[Supplied material]

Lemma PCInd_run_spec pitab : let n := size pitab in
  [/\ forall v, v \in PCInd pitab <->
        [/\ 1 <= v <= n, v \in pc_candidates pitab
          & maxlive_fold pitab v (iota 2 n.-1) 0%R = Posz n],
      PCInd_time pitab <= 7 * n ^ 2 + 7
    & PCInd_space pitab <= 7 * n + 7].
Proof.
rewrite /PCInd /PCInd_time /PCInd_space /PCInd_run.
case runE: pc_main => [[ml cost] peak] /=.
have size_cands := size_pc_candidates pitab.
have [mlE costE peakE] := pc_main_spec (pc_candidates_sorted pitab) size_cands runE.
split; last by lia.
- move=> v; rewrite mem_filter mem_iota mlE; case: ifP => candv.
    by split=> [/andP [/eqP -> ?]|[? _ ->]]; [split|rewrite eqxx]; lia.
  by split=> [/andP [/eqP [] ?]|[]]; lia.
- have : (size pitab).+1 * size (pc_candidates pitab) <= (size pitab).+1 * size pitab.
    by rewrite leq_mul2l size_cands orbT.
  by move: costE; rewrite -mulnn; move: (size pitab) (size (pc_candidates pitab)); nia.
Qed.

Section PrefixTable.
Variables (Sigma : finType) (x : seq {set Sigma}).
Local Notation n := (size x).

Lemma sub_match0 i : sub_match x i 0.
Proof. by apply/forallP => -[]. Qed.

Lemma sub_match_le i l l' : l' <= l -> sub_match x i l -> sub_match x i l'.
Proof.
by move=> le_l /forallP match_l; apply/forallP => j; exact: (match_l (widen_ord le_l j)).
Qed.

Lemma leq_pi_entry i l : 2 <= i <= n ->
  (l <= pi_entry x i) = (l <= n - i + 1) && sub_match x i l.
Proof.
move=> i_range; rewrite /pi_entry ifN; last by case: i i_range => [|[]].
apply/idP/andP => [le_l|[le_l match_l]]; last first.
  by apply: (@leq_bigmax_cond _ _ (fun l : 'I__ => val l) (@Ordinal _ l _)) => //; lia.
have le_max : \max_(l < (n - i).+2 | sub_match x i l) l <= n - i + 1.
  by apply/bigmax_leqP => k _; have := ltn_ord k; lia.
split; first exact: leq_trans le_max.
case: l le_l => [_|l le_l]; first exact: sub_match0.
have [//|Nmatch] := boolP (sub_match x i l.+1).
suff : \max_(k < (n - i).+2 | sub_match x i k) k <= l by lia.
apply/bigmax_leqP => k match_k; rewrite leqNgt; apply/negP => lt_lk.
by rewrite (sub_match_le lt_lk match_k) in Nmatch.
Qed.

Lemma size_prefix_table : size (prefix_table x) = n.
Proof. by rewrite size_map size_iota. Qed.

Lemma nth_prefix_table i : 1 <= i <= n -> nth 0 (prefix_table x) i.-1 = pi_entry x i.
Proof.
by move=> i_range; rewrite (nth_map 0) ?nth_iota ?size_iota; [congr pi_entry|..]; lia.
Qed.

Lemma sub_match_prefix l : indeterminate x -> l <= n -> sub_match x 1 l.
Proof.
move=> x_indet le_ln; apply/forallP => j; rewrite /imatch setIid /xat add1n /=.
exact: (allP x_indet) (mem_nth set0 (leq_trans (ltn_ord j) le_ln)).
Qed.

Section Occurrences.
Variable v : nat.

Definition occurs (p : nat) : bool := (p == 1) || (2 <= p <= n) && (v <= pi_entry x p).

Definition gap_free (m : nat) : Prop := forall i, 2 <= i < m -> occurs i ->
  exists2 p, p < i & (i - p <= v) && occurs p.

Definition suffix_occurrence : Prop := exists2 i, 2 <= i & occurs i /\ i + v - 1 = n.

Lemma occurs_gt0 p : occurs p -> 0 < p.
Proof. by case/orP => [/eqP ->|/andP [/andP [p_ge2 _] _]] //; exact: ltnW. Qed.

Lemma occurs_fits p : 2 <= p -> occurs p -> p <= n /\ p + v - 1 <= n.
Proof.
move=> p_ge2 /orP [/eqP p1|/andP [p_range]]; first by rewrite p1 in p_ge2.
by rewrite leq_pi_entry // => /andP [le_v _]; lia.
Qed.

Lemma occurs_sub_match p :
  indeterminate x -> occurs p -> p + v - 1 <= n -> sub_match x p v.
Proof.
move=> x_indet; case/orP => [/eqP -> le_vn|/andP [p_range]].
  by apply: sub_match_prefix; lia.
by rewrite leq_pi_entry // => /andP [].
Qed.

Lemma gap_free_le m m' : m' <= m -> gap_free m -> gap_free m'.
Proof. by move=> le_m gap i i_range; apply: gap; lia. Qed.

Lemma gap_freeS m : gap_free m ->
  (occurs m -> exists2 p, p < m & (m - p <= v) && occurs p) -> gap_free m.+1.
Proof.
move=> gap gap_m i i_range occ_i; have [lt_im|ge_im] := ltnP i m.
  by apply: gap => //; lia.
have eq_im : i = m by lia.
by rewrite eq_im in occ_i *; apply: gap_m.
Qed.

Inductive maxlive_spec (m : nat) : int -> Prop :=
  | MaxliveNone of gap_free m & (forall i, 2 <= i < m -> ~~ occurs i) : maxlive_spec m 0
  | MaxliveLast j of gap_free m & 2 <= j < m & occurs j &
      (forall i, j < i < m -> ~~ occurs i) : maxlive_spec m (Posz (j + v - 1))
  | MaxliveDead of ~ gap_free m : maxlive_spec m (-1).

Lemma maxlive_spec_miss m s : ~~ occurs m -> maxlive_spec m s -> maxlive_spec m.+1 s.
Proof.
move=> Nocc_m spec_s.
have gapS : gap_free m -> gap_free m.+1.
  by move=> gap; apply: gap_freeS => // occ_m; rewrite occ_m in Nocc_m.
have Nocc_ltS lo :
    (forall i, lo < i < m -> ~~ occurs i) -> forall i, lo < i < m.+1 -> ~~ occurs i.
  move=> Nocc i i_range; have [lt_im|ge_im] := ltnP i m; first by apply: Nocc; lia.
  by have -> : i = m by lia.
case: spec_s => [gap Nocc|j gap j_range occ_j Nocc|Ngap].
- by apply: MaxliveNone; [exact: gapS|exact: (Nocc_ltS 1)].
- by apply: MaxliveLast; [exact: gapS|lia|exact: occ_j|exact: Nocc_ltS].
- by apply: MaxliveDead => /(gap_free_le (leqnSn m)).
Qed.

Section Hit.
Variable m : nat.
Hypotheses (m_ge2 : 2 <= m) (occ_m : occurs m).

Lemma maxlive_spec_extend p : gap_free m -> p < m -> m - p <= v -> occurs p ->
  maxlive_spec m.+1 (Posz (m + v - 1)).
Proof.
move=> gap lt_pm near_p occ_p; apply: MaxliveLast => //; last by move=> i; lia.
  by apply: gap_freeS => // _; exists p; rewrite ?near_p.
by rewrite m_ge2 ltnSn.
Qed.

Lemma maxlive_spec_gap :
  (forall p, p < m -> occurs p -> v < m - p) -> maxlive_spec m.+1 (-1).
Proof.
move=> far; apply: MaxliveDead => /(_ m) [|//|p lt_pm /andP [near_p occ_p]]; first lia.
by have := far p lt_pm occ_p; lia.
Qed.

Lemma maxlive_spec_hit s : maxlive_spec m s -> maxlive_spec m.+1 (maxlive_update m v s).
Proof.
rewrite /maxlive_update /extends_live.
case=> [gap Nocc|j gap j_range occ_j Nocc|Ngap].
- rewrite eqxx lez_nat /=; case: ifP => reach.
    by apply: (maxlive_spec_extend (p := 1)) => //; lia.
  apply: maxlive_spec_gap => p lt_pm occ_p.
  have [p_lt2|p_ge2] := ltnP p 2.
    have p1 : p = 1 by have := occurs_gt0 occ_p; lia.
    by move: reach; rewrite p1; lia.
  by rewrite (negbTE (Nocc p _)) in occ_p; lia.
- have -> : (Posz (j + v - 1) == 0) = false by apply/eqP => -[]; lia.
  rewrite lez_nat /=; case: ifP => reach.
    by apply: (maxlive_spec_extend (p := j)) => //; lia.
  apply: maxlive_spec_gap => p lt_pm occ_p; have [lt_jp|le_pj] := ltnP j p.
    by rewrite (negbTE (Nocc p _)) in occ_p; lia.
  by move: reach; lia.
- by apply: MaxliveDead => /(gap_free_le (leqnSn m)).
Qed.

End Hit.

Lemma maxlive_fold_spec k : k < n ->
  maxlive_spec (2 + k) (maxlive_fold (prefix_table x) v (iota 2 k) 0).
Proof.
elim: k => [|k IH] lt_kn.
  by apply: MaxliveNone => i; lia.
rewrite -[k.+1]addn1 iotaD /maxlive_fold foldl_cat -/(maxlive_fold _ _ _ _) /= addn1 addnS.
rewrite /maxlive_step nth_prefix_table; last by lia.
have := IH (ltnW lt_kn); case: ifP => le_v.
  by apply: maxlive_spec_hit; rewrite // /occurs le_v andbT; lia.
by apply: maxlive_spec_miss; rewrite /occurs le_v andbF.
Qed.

[/Supplied material]

◆ Exercise description: Exactly as they stand, set down the lines from the top of the data through the line with "Proof. by rewrite size_map size_iota. Qed.".

◆ Task output:
Lemma PCInd_run_spec pitab : let n := size pitab in
  [/\ forall v, v \in PCInd pitab <->
        [/\ 1 <= v <= n, v \in pc_candidates pitab
          & maxlive_fold pitab v (iota 2 n.-1) 0%R = Posz n],
      PCInd_time pitab <= 7 * n ^ 2 + 7
    & PCInd_space pitab <= 7 * n + 7].
Proof.
rewrite /PCInd /PCInd_time /PCInd_space /PCInd_run.
case runE: pc_main => [[ml cost] peak] /=.
have size_cands := size_pc_candidates pitab.
have [mlE costE peakE] := pc_main_spec (pc_candidates_sorted pitab) size_cands runE.
split; last by lia.
- move=> v; rewrite mem_filter mem_iota mlE; case: ifP => candv.
    by split=> [/andP [/eqP -> ?]|[? _ ->]]; [split|rewrite eqxx]; lia.
  by split=> [/andP [/eqP [] ?]|[]]; lia.
- have : (size pitab).+1 * size (pc_candidates pitab) <= (size pitab).+1 * size pitab.
    by rewrite leq_mul2l size_cands orbT.
  by move: costE; rewrite -mulnn; move: (size pitab) (size (pc_candidates pitab)); nia.
Qed.

Section PrefixTable.
Variables (Sigma : finType) (x : seq {set Sigma}).
Local Notation n := (size x).

Lemma sub_match0 i : sub_match x i 0.
Proof. by apply/forallP => -[]. Qed.

Lemma sub_match_le i l l' : l' <= l -> sub_match x i l -> sub_match x i l'.
Proof.
by move=> le_l /forallP match_l; apply/forallP => j; exact: (match_l (widen_ord le_l j)).
Qed.

Lemma leq_pi_entry i l : 2 <= i <= n ->
  (l <= pi_entry x i) = (l <= n - i + 1) && sub_match x i l.
Proof.
move=> i_range; rewrite /pi_entry ifN; last by case: i i_range => [|[]].
apply/idP/andP => [le_l|[le_l match_l]]; last first.
  by apply: (@leq_bigmax_cond _ _ (fun l : 'I__ => val l) (@Ordinal _ l _)) => //; lia.
have le_max : \max_(l < (n - i).+2 | sub_match x i l) l <= n - i + 1.
  by apply/bigmax_leqP => k _; have := ltn_ord k; lia.
split; first exact: leq_trans le_max.
case: l le_l => [_|l le_l]; first exact: sub_match0.
have [//|Nmatch] := boolP (sub_match x i l.+1).
suff : \max_(k < (n - i).+2 | sub_match x i k) k <= l by lia.
apply/bigmax_leqP => k match_k; rewrite leqNgt; apply/negP => lt_lk.
by rewrite (sub_match_le lt_lk match_k) in Nmatch.
Qed.

Lemma size_prefix_table : size (prefix_table x) = n.
Proof. by rewrite size_map size_iota. Qed.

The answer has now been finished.